The key innovation is a chemical substitution that closes the loop — and dramatically raises what the plant gets to keep.

Old EV batteries get burned in a specialized furnace, then crushed into “black mass” — a metal-rich powder containing lithium, nickel, and cobalt. From there, JX Metals Circular Solutions applies hydrometallurgy (essentially, dissolving metals in water-based chemical solutions to separate them selectively). The clever twist: instead of adding fresh reagents, the facility feeds its own recovered lithium hydroxide back into the process. The output is high-purity white lithium powder, ready for new batteries, with a carbon footprint reportedly 40% lower than conventional methods.

A JX Metals executive told NHK the facility “boosted recovery rates from under 50% to 90% by using different chemicals and processes,” calling it “among the highest rates in the world.”
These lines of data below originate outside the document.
(* Gaussian elimination on valuations: either the family is linearly dependent,
   or it can be recombined invertibly into one with distinct valuations, and
   then its Wronskian does not vanish.  Each elimination step strictly raises
   one valuation, which is bounded by the maximal size S of the members. *)
Lemma lin_dependent_or_wronskian_neq0 k (f : 'I_k -> {poly K}) :
  lin_dependent f \/ wronskian f != 0.
Proof.
pose S := (\max_i size (f i))%N.
have : forall i, (size (f i) <= S)%N by move=> i; apply: leq_bigmax.
pose gap (g : 'I_k -> {poly K}) := (\sum_i (S - poly_val (g i)))%N.
have [n] := ubnP (gap f); clearbody S; elim: n f => // n IH g gap_lt sizeg.
case: (pickP (fun j => g j == 0)) => [j /eqP gj0|g_nz].
  by left; apply: lin_dependent0 gj0.
have [val_inj|/injectivePn[i [j ij val_ij]]] :=
  boolP (injectiveb (fun i => poly_val (g i))).
  by right; apply: wronskian_distinct_val => [i|]; [rewrite g_nz | apply/injectiveP].
have [gi_nz gj_nz] : g i != 0 /\ g j != 0 by rewrite !g_nz.
pose c := (g j)`_(poly_val (g j)) / (g i)`_(poly_val (g j)).
pose g' := recombine g (shear_mx i j c).
have shear_unit := shear_mx_unit c ij.
suff : lin_dependent g' \/ wronskian g' != 0.
  case=> [/(lin_dependent_recombine shear_unit)|]; first by left.
  by rewrite wronskian_recombine => W'; right; apply: contraNneq W' => ->; rewrite mul0r.
have [g'j0|g'j_nz] := eqVneq (g' j) 0; first by left; apply: lin_dependent0 g'j0.
have val_up : (poly_val (g j) < poly_val (g' j))%N.
  by apply: poly_val_max; rewrite // /g' recombine_shear eqxx dvdp_Xn_cancel.
apply: IH => [|s]; last first.
  rewrite /g' recombine_shear; case: eqP => // _.
  rewrite (leq_trans (size_polyD _ _)) // size_polyN geq_max sizeg.
  exact: leq_trans (size_scale_leq _ _) (sizeg i).
suff : (gap g' < gap g)%N by move: gap_lt; lia.
rewrite /gap (bigD1 j) //= [X in (_ < X)%N](bigD1 j) //=.
rewrite (eq_bigr (fun s => S - poly_val (g s)))%N => [|s /negPf sj]; last first.
  by rewrite /g' recombine_shear sj.
have := leq_trans (poly_val_lt_size gj_nz) (sizeg j); lia.
Qed.
End LinearIndependence.

Section ValuationBound.
Variable K : fieldType.
Hypothesis char0 : [pchar K] =i pred0.
Variables u v : K.
Hypothesis v_nz : v != 0.
Local Notation T := (u *: 'X + v%:P).

Lemma size_affine : (size T <= 2)%N.
Proof.
rewrite (leq_trans (size_polyD _ _)) // geq_max size_polyC.
by rewrite (leq_trans (size_scale_leq _ _)) ?size_polyX //; case: (v != 0).
Qed.

Lemma affine_at0 : T.[0] = v.
Proof. by rewrite hornerD hornerZ hornerX hornerC mulr0 add0r. Qed.

Lemma affine_neq0 : T != 0.
Proof. by apply: contra_neq v_nz => T0; rewrite -affine_at0 T0 horner0. Qed.

(* T does not vanish at 0, hence is coprime to every power of X. *)
Lemma coprimep_Xn_affine n b : coprimep 'X^n (T ^+ b).
Proof.
apply/coprimep_expl/coprimep_expr; rewrite coprimep_sym.
have := coprimep_XsubC T 0; rewrite subr0 => ->.
by rewrite /root affine_at0 v_nz.
Qed.

(* Replacing the first member by P multiplies the Wronskian
   by a_0 and makes it divisible by X^(val P + al_1 + ... + al_m), while
   T^'C(k,2) times the Wronskian is X^(al_0 + ... + al_m) T^B D with D of
   degree at most 'C(k, 2); cancelling X^(al_1 + ... + al_m) and T^B leaves
   X^(val P) | X^(al_0) D. *)
Lemma val_le_wronskian m (al be : 'I_m.+1 -> nat) (a : 'I_m.+1 -> K) :
  a ord0 != 0 -> wronskian (fun i => 'X^(al i) * T ^+ (be i)) != 0 ->
  \sum_i a i *: ('X^(al i) * T ^+ (be i)) != 0 ->
  (poly_val (\sum_i a i *: ('X^(al i) * T ^+ (be i))) <= al ord0 + 'C(m.+1, 2))%N.
Proof.
set f := fun i => _; set P := \sum_i _ => a0_nz W_nz P_nz; set N := poly_val P.
pose w (j : 'I_m.+1) := if j == ord0 then N else al j.
pose h (j : 'I_m.+1) := if j == ord0 then P %/ 'X^N else T ^+ (be j).
pose alS := (\sum_(i < m) al (lift ord0 i))%N.
have wE : (\sum_j w j = N + alS)%N by rewrite big_ord_recl.
have dvdW : 'X^(N + alS) %| wronskian f.
  have gE : (fun j => if j == ord0 then P else f j) =1 (fun j => 'X^(w j) * h j).
    by move=> j; rewrite /w /h; case: eqP => _; rewrite // mulrC divpK ?poly_val_dvdp.
  have := wronskian_replace_first f a.
  rewrite (wronskian_ext gE) wronskian_Xn_factor wE => WE.
  by rewrite -(dvdpZr _ _ a0_nz) -mul_polyC mulrC -WE dvdp_mull.
have [D sizeD WD] := wronskian_affine_monomials al be size_affine.
have D_nz : D != 0.
  apply: contra_neq W_nz => D0; move: WD; rewrite D0 mulr0 => /eqP.
  by rewrite mulf_eq0 expf_eq0 (negPf affine_neq0) andbF => /eqP.
have : 'X^N %| 'X^(al ord0) * D * T ^+ (\sum_i be i).
  rewrite -(dvdp_mul2l (r := 'X^alS)) ?expf_neq0 ?polyX_eq0 // -exprD addnC.
  have -> : 'X^alS * ('X^(al ord0) * D * T ^+ (\sum_i be i)) =
      T ^+ 'C(m.+1, 2) * wronskian f.
    have alE : (\sum_i al i = al ord0 + alS)%N by rewrite big_ord_recl.
    by rewrite WD alE exprD; ring.
  exact: dvdp_mull.
rewrite Gauss_dvdpl ?coprimep_Xn_affine // => /(dvdp_leq (mulf_neq0 _ D_nz)).
rewrite expf_neq0 ?polyX_eq0 // size_polyXn mulrC size_mulXn // => /(_ isT).
by move=> lt_N; rewrite -ltnS (leq_trans lt_N) // -addnS leq_add2l.
Qed.

(* Deleting one member of the family can only lower the bound, since the
   remaining indices move down by at most one. *)
Lemma bound_lift m (al : 'I_m.+1 -> nat) (j : 'I_m.+1) :
  (\max_(i < m) (al (lift j i) + 'C(m - i, 2)) <=
   \max_(i < m.+1) (al i + 'C(m.+1 - i, 2)))%N.
Proof.
apply/bigmax_leqP => i _; apply: leq_trans (leq_bigmax (lift j i)).
by rewrite leq_add2l leq_bin2l // /= /bump; case: (j <= i)%N; lia.
Qed.

(* The theorem, by induction on the number of members: a member with zero
   coefficient, or one made redundant by a linear relation, is deleted;
   otherwise a_0 != 0 and the Wronskian does not vanish. *)
Lemma poly_val_le_bound m (al be : 'I_m -> nat) (a : 'I_m -> K) :
  (forall i j : 'I_m, (i <= j)%N -> (al i <= al j)%N) ->
  \sum_i a i *: ('X^(al i) * T ^+ (be i)) != 0 ->
  (poly_val (\sum_i a i *: ('X^(al i) * T ^+ (be i))) <=
   \max_(i < m) (al i + 'C(m - i, 2)))%N.
Proof.
elim: m al be a => [|m IH] al be a al_mono; first by rewrite !big_ord0 eqxx.
set P := \sum_i _ => P_nz.
have drop_member (b : 'I_m.+1 -> K) j : b j = 0 ->
    \sum_i b i *: ('X^(al i) * T ^+ (be i)) = P ->
    (poly_val P <= \max_(i < m.+1) (al i + 'C(m.+1 - i, 2)))%N.
  move=> bj0 bP; apply: leq_trans (bound_lift al j).
  have P_lift : \sum_i b (lift j i) *: ('X^(al (lift j i)) * T ^+ (be (lift j i))) = P.
    by rewrite -bP (bigD1_ord j) //= bj0 scale0r add0r.
  have al_lift_mono (i i' : 'I_m) : (i <= i')%N -> (al (lift j i) <= al (lift j i'))%N.
    by move=> le_ii'; apply: al_mono; rewrite /= leq_bump2.
  by have := IH _ (fun i => be (lift j i)) (fun i => b (lift j i)) al_lift_mono;
    rewrite P_lift; apply.
have [a0|a0_nz] := eqVneq (a ord0) 0; first exact: drop_member a0 _.
have [[c [[j cj_nz] rel]]|W_nz] :=
  lin_dependent_or_wronskian_neq0 char0 (fun i => 'X^(al i) * T ^+ (be i)).
  apply: (drop_member (fun i => a i - a j / c j * c i) j); first by rewrite divfK ?subrr.
  under eq_bigr do rewrite scalerBl -scalerA.
  by rewrite sumrB -scaler_sumr rel scaler0 subr0.
apply: leq_trans (val_le_wronskian a0_nz W_nz P_nz) _.
by apply: leq_trans (leq_bigmax ord0); rewrite subn0.
Qed.
End ValuationBound.

(* Indices j = 1..l of the paper are i = 0..l-1 here (j = i+1),
   so binom(l+1-j, 2) = 'C(l - i, 2). *)
Theorem theorem2p1 (K : fieldType) (hK : [pchar K] =i pred0)
  (u v : K) (huv : u * v != 0) (l : nat)
  (a : 'I_l -> K) (alpha beta : 'I_l -> nat)
  (halpha : forall i j : 'I_l, (i <= j)%N -> (alpha i <= alpha j)%N) :
  let P := \sum_(i < l) a i *: ('X^(alpha i) * (u *: 'X + v%:P) ^+ beta i) in
  P != 0 ->
  (poly_val P <= \max_(i < l) (alpha i + 'C(l - i, 2)))%N.
Proof.
have v_nz : v != 0 by move: huv; rewrite mulf_eq0 negb_or => /andP[].
exact: poly_val_le_bound.
Qed.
Key numbers worth tracking:

  • Recovery rate: roughly 90%, up from under 50%
  • Carbon footprint reduction: approximately 40% versus older recycling
  • Operator: JX Metals Circular Solutions, Tsuruga, Fukui Prefecture
  • Scale-up timeline: expansion by 2027, targeting tens of thousands of tons annually by around 2035
  • Current collection rate: only 14% of Japan’s used lithium-ion batteries enter official recycling channels

Impressive – But Not the Whole Story

The real constraint isn’t the chemistry — it’s that most dead batteries never reach the facility in the first place.

Before anyone declares this a “massive geopolitical shift” — and online commentators already have, with considerable enthusiasm — context matters. Redwood Materials claims over 95% recovery of key battery materials, according to the company. Japan’s own Toray Industries has demonstrated 95%-plus lithium recovery at lab scale using nanofiltration membranes, per published reports. The Tsuruga achievement represents top-tier industrial practice reaching commercial scale, not a solitary miracle.

The harder problem is almost comically analog. A world-class processing plant fed by only 14% of available batteries is like a high-efficiency kitchen that receives almost none of the groceries. Collection logistics and consumer participation remain the unsexy bottleneck that tends to get underfunded while the chemistry wins the headlines.

Still, the ambition here deserves attention. If collection infrastructure catches up and processing scales on schedule, Japan could shift from critical-minerals importer to regional recycling hub — turning dead battery packs from across Asia-Pacific into domestic lithium supply. That transition won’t happen overnight. But the chemistry, at least, is no longer the obstacle.